Credit: Climate Action/Giulio D’Ercole.

Climate finance for global renewable energy development will be a key part of the agenda at the upcoming United Nations Environment Assembly (UNEA) in Nairobi in May.

UN Under-Secretary-General and Executive Director of UNEP Achim Steiner has called 2016 the “year of implementation”, creating the opportunity for the solar industry to stake its claim in delivering on the pledges made in Paris at the COP21 climate talks last year and the energy-focused element of the Sustainable Development Goals (SDGs).

The Assembly will take place at the UN Environment Programme’s (UNEP) headquarters in the Kenyan capital from 23-27 May and will build on and assess the pledges made by nearly 200 countries at the Paris climate summit in December.

Government consultations in preparation for the second UNEA have taken place as part of the Open Ended Committee of Permanent Representatives to UNEP (OECPR).

The OECPR, made up of 300 delegates representing all UN Member States and major groups, has considered key items on the UNEA-2 agenda with focus on furthering action on delivering the environmental dimension of the 2030 Agenda for Sustainable Development.

Climate finance mechanisms to support the development of clean energy capacity worldwide will be a central theme at UNEA-2.

Steiner said: "2016 has been called the year for implementation and delivery. UNEA-2 is our chance to show the world UNEP's readiness and commitment to achieving the Sustainable Development Goals through our programme of work.

"This OECPR is a vital forum in itself – a landmark in UNEP's journey, and one that will help determine the organisation's direction and place in the global arena,” he said.

UNEA-2 will be one of the first major global conferences taking place since the adoption of the 2030 Sustainable Development Agenda and the Paris Agreement on Climate Change.

The meeting will review UNEP's Medium Term Strategy, its Programme of Work and budget which constitute UNEP's capacity, through its strategy, business model and financial resources, to contribute to delivering the 2030 Sustainable Development Agenda and the Paris climate agreement.

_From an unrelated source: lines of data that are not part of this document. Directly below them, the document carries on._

(* For every integer $k$ with $1\le k\le p$, the mechanism $RC_k$ subgame perfect implements the supermajority rule $Maj_k$: for every preference profile $R$, every subgame-perfect equilibrium yields the outcome $Maj_k(R)$, and some subgame-perfect equilibrium yields $Maj_k(R)$.
   Context: Agents $I=\{1,\dots,n\}$, $n=2p+1$, with complete information; options $A=\{sq,x\}$ (status quo and alternative); strict preferences over $A$; lotteries compared by stochastic dominance (an agent preferring $y$ weakly (strictly) prefers $\beta$ to $\eta$ iff $\beta(y)\ge\eta(y)$ ($>$)). Supermajority rule: $Maj_k(R)=x$ if $|\{i: x\,R_i\,sq\}|\ge p+k$, and $Maj_k(R)=sq$ otherwise. Mechanism $RC_k$: Voting stage: each agent simultaneously votes $v_i\in A$; the profile $v$ and the winner are announced, the winner being $x$ if at least $p+k$ agents vote $x$ and $sq$ otherwise. Confirmation stage: let $\bar t=p+k$ if $sq$ is the Voting-stage winner and $\bar t=p+2-k$ otherwise; $\bar t$ agents are drawn uniformly at random and ordered uniformly, $\pi_1,\dots,\pi_{\bar t}$; sequentially, as long as nobody has announced $Y$, agent $\pi_t$ announces $Y$ or $N$. If some agent announces $Y$ the outcome is the Voting-stage winner; if all announce $N$, the outcome is the lottery assigning to each option its share of Voting-stage votes ($|\{i:v_i=y\}|/n$ for $y\in A$). *)

(* Probabilities are rationals (all probabilities in the
   mechanism RC_k are rational). *)
From HB Require Import structures.
From mathcomp Require Import all_boot all_order all_algebra.
Set Implicit Arguments. Unset Strict Implicit. Unset Printing Implicit Defensive.
Import Order.TTheory GRing.Theory Num.Theory.
Local Open Scope ring_scope.

Inductive opt := SQ | X.
Definition opt_eqb (a b : opt) : bool :=
  match a, b with SQ, SQ | X, X => true | _, _ => false end.
Lemma opt_eqP : Equality.axiom opt_eqb.
Proof. by case; case; constructor. Qed.
HB.instance Definition _ := hasDecEq.Build opt opt_eqP.

(* Agents I = {1,...,n}, n = 2p+1 (here indexed 0..2p). *)
Definition agent (p : nat) := 'I_((2 * p).+1).

(* A strict preference over the two options is determined by the top option:
   R i = the option agent i strictly prefers. *)
Definition profile (p : nat) := agent p -> opt.

Definition lottery := opt -> rat.
Definition dirac (y : opt) : lottery := fun z => if z == y then 1 else 0.

(* Stochastic dominance: an agent preferring [top] strictly prefers b to e
   iff b(top) > e(top). *)
Definition sprefers (top : opt) (b e : lottery) : Prop := e top < b top.

Definition Maj (p k : nat) (R : profile p) : opt :=
  if (p + k <= #|[set i | R i == X]|)%N then X else SQ.

Definition votes (p : nat) := {ffun agent p -> opt}.

Definition vwinner (p k : nat) (v : votes p) : opt :=
  if (p + k <= #|[set i | v i == X]|)%N then X else SQ.

(* number of agents drawn in the confirmation stage *)
Definition tbar (p k : nat) (v : votes p) : nat :=
  if vwinner k v == SQ then (p + k)%N else (p + 2 - k)%N.

Definition vshare (p : nat) (v : votes p) : lottery :=
  fun y => (#|[set i | v i == y]|)%:R / ((2 * p).+1)%:R.
(* Let $C\subseteq\mathbb{F}_2^n$ be a binary linear $[n,k,d]$ code with $\mathbf{1}_n\in C$, whose dual $C^\perp$ has minimum distance $d^\perp$, let $t$ be a positive integer with $$d^\perp-t=\#\{u \mid C_u\neq\emptyset,\ 0<u\le n-t\}=3,$$ and suppose the nonzero weights of $C$ are exactly $d,\ n/2,\ n-d,\ n$ (with $n$ even). (1) If $d^\perp\ge 4$ and $\dim C=k$ (with $2\le k\le n-1$), then $\dfrac{n(2^{k-1}-n)}{(n-2d)^2}$ is a positive integer. (2) If $d^\perp\ge 6$, then $\dfrac{-n^2(n-1)(n-2)}{(n-2d)^2\left(n^2-(4d+3)n+4d^2+2\right)}$ is a positive integer. (3) If $d^\perp\ge 8$, then $n=(m^2+8)/3$ for some $m\in\mathbb{Z}$, and $$\frac{n^2(n^2-3n+2)}{6(3n-8)}=\frac{(m^2+2)(m^2+5)(m^2+8)^2}{486\,m^2}\quad\text{and}\quad \frac{2(n^4-7n^3+23n^2-41n+24)}{3(3n-8)}$$ are positive integers.
   Context: $\mathbf{1}_n$ is the all-ones vector; $C^\perp$ is the dual code with respect to the standard inner product and $d^\perp$ its minimum nonzero weight; $C_u=\{c\in C:\mathrm{wt}(c)=u\}$ (Hamming weight). The paper notes that in the case $d^\perp-t=3$ the weight distribution of $C$ is supported on $0,d,n/2,n-d,n$ with $n$ even, and works under this assumption throughout. *)

From HB Require Import structures.
From mathcomp Require Import all_boot all_order all_algebra.
Set Implicit Arguments. Unset Strict Implicit. Unset Printing Implicit Defensive.
Import Order.TTheory GRing.Theory Num.Theory.
Local Open Scope ring_scope.

Definition wt (n : nat) (x : 'rV['F_2]_n) : nat := #|[set i : 'I_n | x 0 i != 0]|.

Definition dotF2 (n : nat) (x y : 'rV['F_2]_n) : 'F_2 := \sum_(i < n) x 0 i * y 0 i.

Definition dual_code (n : nat) (C : {vspace 'rV['F_2]_n}) : {set 'rV['F_2]_n} :=
  [set x : 'rV['F_2]_n | [forall c : 'rV['F_2]_n, (c \in C) ==> (dotF2 x c == 0)]].

Definition has_weight (n : nat) (C : {vspace 'rV['F_2]_n}) (u : nat) : bool :=
  [exists c : 'rV['F_2]_n, (c \in C) && (wt c == u)].

Definition min_dist (n : nat) (C : {vspace 'rV['F_2]_n}) (d : nat) : Prop :=
  (exists2 c, (c \in C) && (c != 0) & wt c = d) /\
  (forall c, c \in C -> c != 0 -> (d <= wt c)%N).

Definition dual_min_dist (n : nat) (C : {vspace 'rV['F_2]_n}) (dp : nat) : Prop :=
  (exists2 x, (x \in dual_code C) && (x != 0) & wt x = dp) /\
  (forall x, x \in dual_code C -> x != 0 -> (dp <= wt x)%N).

Definition num_low_weights (n : nat) (C : {vspace 'rV['F_2]_n}) (t : nat) : nat :=
  #|[set u : 'I_n.+1 | (0 < (u : nat))%N && ((u : nat) <= n - t)%N && has_weight C u]|.

Definition ones (n : nat) : 'rV['F_2]_n := const_mx 1.

Definition is_posint (q : rat) : Prop := exists p : nat, (0 < p)%N /\ q = p%:R.

From HB Require Import structures.
From mathcomp Require Import all_boot all_order all_algebra.
From mathcomp Require Import finfield.
From mathcomp Require Import ring zify.
Import Order.TTheory GRing.Theory Num.Theory.
Local Open Scope ring_scope.

Set Implicit Arguments. Unset Strict Implicit. Unset Printing Implicit Defensive.

(* Pless power moments.  Write bias c = n - 2 wt c = sum_i (-1)^(c_i).  Expanding
   (bias c)^j gives a sum of characters (-1)^<v, c> over vectors v of weight at
   most j, and averaging a character over C gives 0 unless v lies in the dual
   code; for j < d^perp only v = 0 survives.  Hence for j < d^perp the j-th moment
   of bias over C is |C| / 2^n times the moment M_j over all of F_2^n, and
   M_2, M_4, M_6 are 2^n times n, 3n^2 - 2n and 15n^3 - 30n^2 + 16n.
   The three low weights force 0 < d < n/2; since 1 is a codeword, A_0 = A_n = 1
   and A_(n-d) = A_d.  With a = A_d, b = A_(n/2), X = (n - 2d)^2 and
   N = |C| = 2 + 2a + b the moments read 2^n (2n^j + 2a X^(j/2)) = N M_j.
   The second moment gives (1), the second and fourth give (2), and the sixth
   forces X = 3n - 8, which determines N, a and b, giving (3). *)

Lemma F2_cases (a : 'F_2) : a = 0 \/ a = 1.
Proof. by case: a => [[|[|k]] lt_a2]; [left|right|]; try apply: val_inj. Qed.

Lemma memvDr (K : fieldType) (vT : vectType K) (U : {vspace vT}) u v :
  u \in U -> (v + u \in U) = (v \in U).
Proof.
move=> Uu; apply/idP/idP => [|Uv]; last exact: memvD.
by move=> /memvB/(_ Uu); rewrite addrK.
Qed.

Section Bias.

Variables (R : numFieldType) (n : nat).
Implicit Types (a : 'F_2) (x c v : 'rV['F_2]_n).

Definition sign2 a : R := if a == 0 then 1 else -1.

Lemma sign2D a a' : sign2 (a + a') = sign2 a * sign2 a'.
Proof.
by case: (F2_cases a) => ->; case: (F2_cases a') => ->; rewrite /sign2 /=; ring.
Qed.

Lemma sign2_add1 a : sign2 (a + 1) = - sign2 a.
Proof. by rewrite sign2D /sign2 /= mulrN1. Qed.

Definition bias x : R := \sum_(i < n) sign2 (x 0 i).

Lemma bias_wt x : bias x = n%:R - 2 * (wt x)%:R.
Proof.
have -> : (wt x)%:R = \sum_(i < n) ((x 0 i != 0)%:R : R).
  rewrite /wt -sum1_card natr_sum big_mkcond /=.
  by apply: eq_bigr => i _; rewrite inE; case: (_ != _).
rewrite mulr_sumr -[in n%:R](card_ord n) -sumr_const -sumrB /bias.
by apply: eq_bigr => i _; case: (F2_cases (x 0 i)) => ->; rewrite /sign2 /=; ring.
Qed.

Lemma wt_le x : (wt x <= n)%N.
Proof. by rewrite /wt (leq_trans (max_card _)) ?card_ord. Qed.

Lemma wt_eq0 x : (wt x == 0%N) = (x == 0).
Proof.
rewrite /wt cards_eq0; apply/eqP/eqP => [x0|->]; last first.
  by apply/setP => i; rewrite !inE mxE eqxx.
apply/rowP => i; rewrite mxE; apply/eqP; apply: contraFT (in_set0 i) => xi.
by rewrite -x0 inE.
Qed.

Lemma wt_add_ones x : wt (x + ones n) = (n - wt x)%N.
Proof.
rewrite /wt [LHS]cardsCs card_ord; congr (_ - _)%N; apply: eq_card => i.
by rewrite !inE !mxE; case: (F2_cases (x 0 i)) => ->.
Qed.

Lemma dotF2D v : {morph dotF2 v : c c' / c + c'}.
Proof.
by move=> c c'; rewrite /dotF2 -big_split; apply: eq_bigr => i _; rewrite mxE mulrDr.
Qed.

Lemma sum_sign2_dot (C : {vspace 'rV['F_2]_n}) v :
  \sum_(c in C) sign2 (dotF2 v c) = if v \in dual_code C then #|C|%:R else 0.
Proof.
rewrite inE; case: ifPn => [/forallP vC | /forallPn[c0]].
  rewrite -sumr_const; apply: eq_bigr => c Cc.
  by have /implyP/(_ Cc)/eqP-> := vC c.
rewrite negb_imply => /andP[Cc0 vc0]; set s := \sum_(c in C) _.
have vc0_1 : dotF2 v c0 = 1 by case: (F2_cases (dotF2 v c0)) vc0 => ->.
have : s = - s.
  rewrite {1}/s (reindex_inj (addIr c0)) /= -sumrN.
  apply: eq_big => [c | c _]; last by rewrite dotF2D sign2D vc0_1 /sign2 /= mulrN1.
  exact: memvDr.
by move/eqP; rewrite -addr_eq0 -mulr2n mulrn_eq0 => /eqP.
Qed.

A package of draft resolutions will also be reviewed on topics that range from the illegal trade in wildlife to chemicals and waste and marine plastic debris.

UNEA will also consider the new stakeholder engagement policy, which will help to determine how civil society will be able to contribute in solving urgent environmental challenges and take advantage of environmental opportunities.

Steiner said: "UNEP's stakeholders are critical to its work, and you will see that in action at UNEA-2. The meeting will provide a space for representatives from government, business, academia, scientific institutions and various communities to contribute and find value. We are putting together an engaging menu of side events that we hope will attract leaders from all sectors."

Up to 15 private sector companies will showcase cutting edge clean technologies at UNEA as part of the Sustainable Innovation Expo 2016 (SIE16).

SIE16, organised by London-based Climate Action and UNEP, will be a key part of the Assembly and will give clean technology firms a unique platform to engage with decision makers from governments, development banks and UN agencies. LED manufacturer Philips Lighting has become the latest firm to sign-up to SIE16.

Climate Action's CEO Nick Henry, said: "We are delighted to welcome Philips Lighting to the Sustainable Innovation Expo 2016. Their LED solutions are changing lives in Arica and around the world and they will be an essential participant at the UN Environment Assembly in May.”

Solar energy companies including SunEdison, Solar Reserve, Solea, and SunErgy previously participated at the meeting and demonstrated their technologies to attendees.